In Giotto’s image (above) Mary reaches out towards her child in Simeon’s hands. She looks sorrowful, her face distressed. A dark figure placed between the gold of Joseph and the gold of Simeon. Her iconic blue robes so dark that she already seems to be in mourning. The mother bereft of her baby seeking to clutch him to her breast. Here she seems to prefigure the the mothers of the slain innocents who Herod will put to the sword. She prefigures the panicked mother who loses her child on the way home from Jerusalem and finds him days later in the Temple. She prefigures the sorrowful mother at the foot of the cross and the mother who will lay her child in the tomb.

But here, now, she extends her hands in a gesture universal to all mothers. Here, give him to me, she seems to say. The gesture a mother makes when someone else is holding the baby and he begins to cry. Let me hold him. She longs to comfort him. Or maybe to find comfort in his embrace. But this baby is not crying. He looks calmly across the space that separate him from his mother. He is not distressed. Already he seems to be giving her the message he will articulate when she finds him teaching in the Temple, Do you now know I must be about my Father’s work?

(Incidentally, I love Giotto’s placement of St Joseph behind the pillar. St Joseph who never speaks a word in any of the Gospels. St Joseph who we only seem to see in part, hidden in the shadows.)

Presentation of Christ in the Temple, 1671
Gerbrand van den Eeckhout

In Eeckhout’s painting Mary kneels while the Christ Child is enthroned upon Simeon’s lap, a reversal of the usual scene of the Madonna and Child where Mary forms the throne and saints kneel to adore the child seated on her lap. Here, Mary is the adorer, her hands folded on her breast. She looks humble and prayerful, her eyes cast down. But she doesn’t seem particularly sorrowful. She seems perfectly peaceful. Joseph stands behind her, cap in hand, with the sacrificial doves in his hand. Both of them are simply dressed, peasant rather than robed in rich finery. And yet here, too, though she does not look sad or distressed, she is still separated from her child. He is set apart, the light and the rich gold fabric of Simeon’s robes emphasizing his divinity and his role as Light to the Nations.

The Presentation at the Temple, Giovanni Bellini ~ c1459

And then there’s Bellini. Mary calmly meets Simeon’s gaze as she hands over the tightly swaddled Christ Child into his arms. Actually, Simeon reaches for the infant with outstretched hands that seem to plead while Mary’s hands firmly holding the baby look like she’s almost holding the baby back. Her calm eyes almost seem to challenge Simeon: Take my baby, but I’m watching you. I can’t quite tell is her gaze is that of a fierce or gentle mother; fierce but gentle, perhaps. (Isabella says “determined” and I think that’s a good word.) Docile and yet not to be messed with. (Joseph in the background positively glowers at Simeon. Jesus, with his open mouth, looks like he’s about to latch on to Mary’s nose or her eyebrow.)

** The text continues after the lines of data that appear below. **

(* Let $G$ be a group, let $K$ be an uncountable algebraically closed field, and let $A$ be an affine algebraic set over $K$. Then every algebraic cellular automaton $\tau\colon A^G\to A^G$ has the closed image property: its image $\tau(A^G)$ is a closed subset of $A^G$ with respect to the prodiscrete topology.
   Context: For a group $G$ and a set $A$, $A^G$ is the set of maps $x\colon G\to A$ (configurations), with the $G$-shift $(gx)(h)=x(g^{-1}h)$. The prodiscrete topology on $A^G$ is the product topology where each factor $A$ carries the discrete topology. For $x\in A^G$ and $\Omega\subset G$, $x|_\Omega$ denotes the restriction. A cellular automaton is a map $\tau\colon A^G\to A^G$ for which there exist a finite subset $M\subset G$ (a memory set) and a map $\mu\colon A^M\to A$ (the local defining map) with $\tau(x)(g)=\mu((g^{-1}x)|_M)$ for all $x\in A^G$, $g\in G$. An affine algebraic set over a field $K$ is the common zero set in $K^m$ of a set of polynomials in $K[t_1,\dots,t_m]$; a map between affine algebraic sets $V\subset K^m$, $W\subset K^n$ is regular if it is the restriction of a polynomial map $K^m\to K^n$. For finite $M$, $A^M$ is an affine algebraic set (a finite Cartesian power of $A$). A cellular automaton $\tau\colon A^G\to A^G$ with $A$ an affine algebraic set over $K$ is algebraic if for some (equivalently any) memory set $M$ the local defining map $\mu\colon A^M\to A$ is regular. *)

From Stdlib Require List.
From HB Require Import structures.
From mathcomp Require Import all_boot all_order all_algebra.
Set Implicit Arguments. Unset Strict Implicit. Unset Printing Implicit Defensive.
Import GRing.Theory.
Local Open Scope ring_scope.

Record group := Group {
  gcar :> Type;
  gmul : gcar -> gcar -> gcar;
  ginv : gcar -> gcar;
  gone : gcar;
  gmulA : forall a b c, gmul a (gmul b c) = gmul (gmul a b) c;
  gmul1 : forall a, gmul gone a = a;
  gmulV : forall a, gmul (ginv a) a = gone
}.

Inductive pexpr (R : Type) (I : Type) : Type :=
| PC of R
| PX of I
| PAdd of pexpr R I & pexpr R I
| PMul of pexpr R I & pexpr R I.

Fixpoint peval (R : pzRingType) (I : Type) (e : pexpr R I) (v : I -> R) : R :=
  match e with
  | PC c => c
  | PX i => v i
  | PAdd e1 e2 => peval e1 v + peval e2 v
  | PMul e1 e2 => peval e1 v * peval e2 v
  end.

Definition poly_fun (R : pzRingType) (I : Type) (f : (I -> R) -> R) : Prop :=
  exists e : pexpr R I, forall v, f v = peval e v.

Definition poly_map (R : pzRingType) (I J : Type) (f : (I -> R) -> (J -> R)) : Prop :=
  forall j, poly_fun (fun v => f v j).

Definition affine_algebraic_set (K : fieldType) (m : nat) (A : ('I_m -> K) -> Prop) : Prop :=
  exists S : pexpr K 'I_m -> Prop,
    forall v, A v <-> (forall e, S e -> peval e v = 0).

Definition uncountable (T : Type) : Prop := ~ exists f : nat -> T, forall t : T, exists k, f k = t.

Definition config (K : Type) (m : nat) (A : ('I_m -> K) -> Prop) (G : group)
  (x : G -> 'I_m -> K) : Prop := forall g, A (x g).

(* tau : A^G -> A^G (given as a map on G -> K^m, only its values on A^G matter)
   is an algebraic cellular automaton: it maps A^G into A^G and there are a finite
   memory set {s i | i < n} ⊆ G and a regular local map mu : A^M -> A (restriction
   of a polynomial map K^(M x m) -> K^m) with tau(x)(g) = mu((g^{-1} x)|_M),
   where (g^{-1} x)(h) = x(g h). *)
Definition algebraic_CA (K : fieldType) (m : nat) (A : ('I_m -> K) -> Prop) (G : group)
  (tau : (G -> 'I_m -> K) -> (G -> 'I_m -> K)) : Prop :=
  (forall x, config A x -> config A (tau x)) /\
  exists (n : nat) (s : 'I_n -> G) (mu : ('I_n * 'I_m -> K) -> ('I_m -> K)),
    poly_map mu /\
    forall x, config A x -> forall g,
      tau x g = mu (fun p => x (gmul g (s p.1)) p.2).

(* Closedness of a set X ⊆ A^G in the prodiscrete topology: every configuration
   y in A^G all of whose finite restrictions agree with some element of X lies in X
   (basic open neighbourhoods of y are the cylinders {z | z|_F = y|_F}, F finite). *)
Definition prodiscrete_closed (K : Type) (m : nat) (A : ('I_m -> K) -> Prop) (G : group)
  (X : (G -> 'I_m -> K) -> Prop) : Prop :=
  forall y, config A y ->
    (forall F : list G, exists z, X z /\ forall h, List.In h F -> z h = y h) ->
    X y.

Definition image_of (K : Type) (m : nat) (A : ('I_m -> K) -> Prop) (G : group)
  (tau : (G -> 'I_m -> K) -> (G -> 'I_m -> K)) : (G -> 'I_m -> K) -> Prop :=
  fun y => exists x, config A x /\ tau x = y.

(* Since [tau x h] only depends on [x] along [h <s>], with [s] the memory set, it suffices to
   solve, on each left coset of the subgroup [<s>], the system of polynomial equations
   "[x h] lies in [A] and [tau x h = y h]" in the countably many unknowns [x h i]. Every
   finite subsystem is solvable because [y] lies in the closure of the image, so the
   generated ideal is proper. Over an uncountable algebraically closed field, a proper
   ideal in countably many variables has a zero: fix the variables one by one keeping the
   ideal proper. This is possible because if every [x_u - a] (a in K) were invertible
   modulo the ideal, uncountably many of the inverses would have bounded degree and
   variables, hence be linearly dependent; this gives a nonzero univariate polynomial in
   [x_u] in the ideal, which splits into factors [x_u - r] that are all invertible. *)

From Stdlib Require Import Classical ClassicalEpsilon FunctionalExtensionality PropExtensionality.
From HB Require Import structures.
From mathcomp Require Import all_boot all_order all_algebra ring.
Set Implicit Arguments. Unset Strict Implicit. Unset Printing Implicit Defensive.
Import GRing.Theory.
Local Open Scope ring_scope.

Although her protective stance perhaps does tell of her awareness of the shadow approaching, in this painting what mainly strikes me as pointing to Mary’s sorrow is the wrappings on the baby. Jesus’s swaddling bands look like a shroud. He’s a little mummy with just his face uncovered and the fingers of his hand peeking out. This certainly seems to foretell the tomb.

What did Mary know of God’s plan? How much did she understand in that moment when Simeon foretold a sword? We can never know for certain. But we do know that she pondered these words– and other words and other deeds– in her heart. And as she pondered did the words themselves turn into daggers, piercing her heart as she looked ahead to what was coming?

If you knew for certain that your child would die, that you would outlive him, how would you bear that knowledge? Just recently Dom and I watched Arrival, in which a mother faces just that scenario, the terrible death of her child. It is every parent’s worst nightmare to bury their child. And yet Mary bore that pain quietly through all the long years of his growing.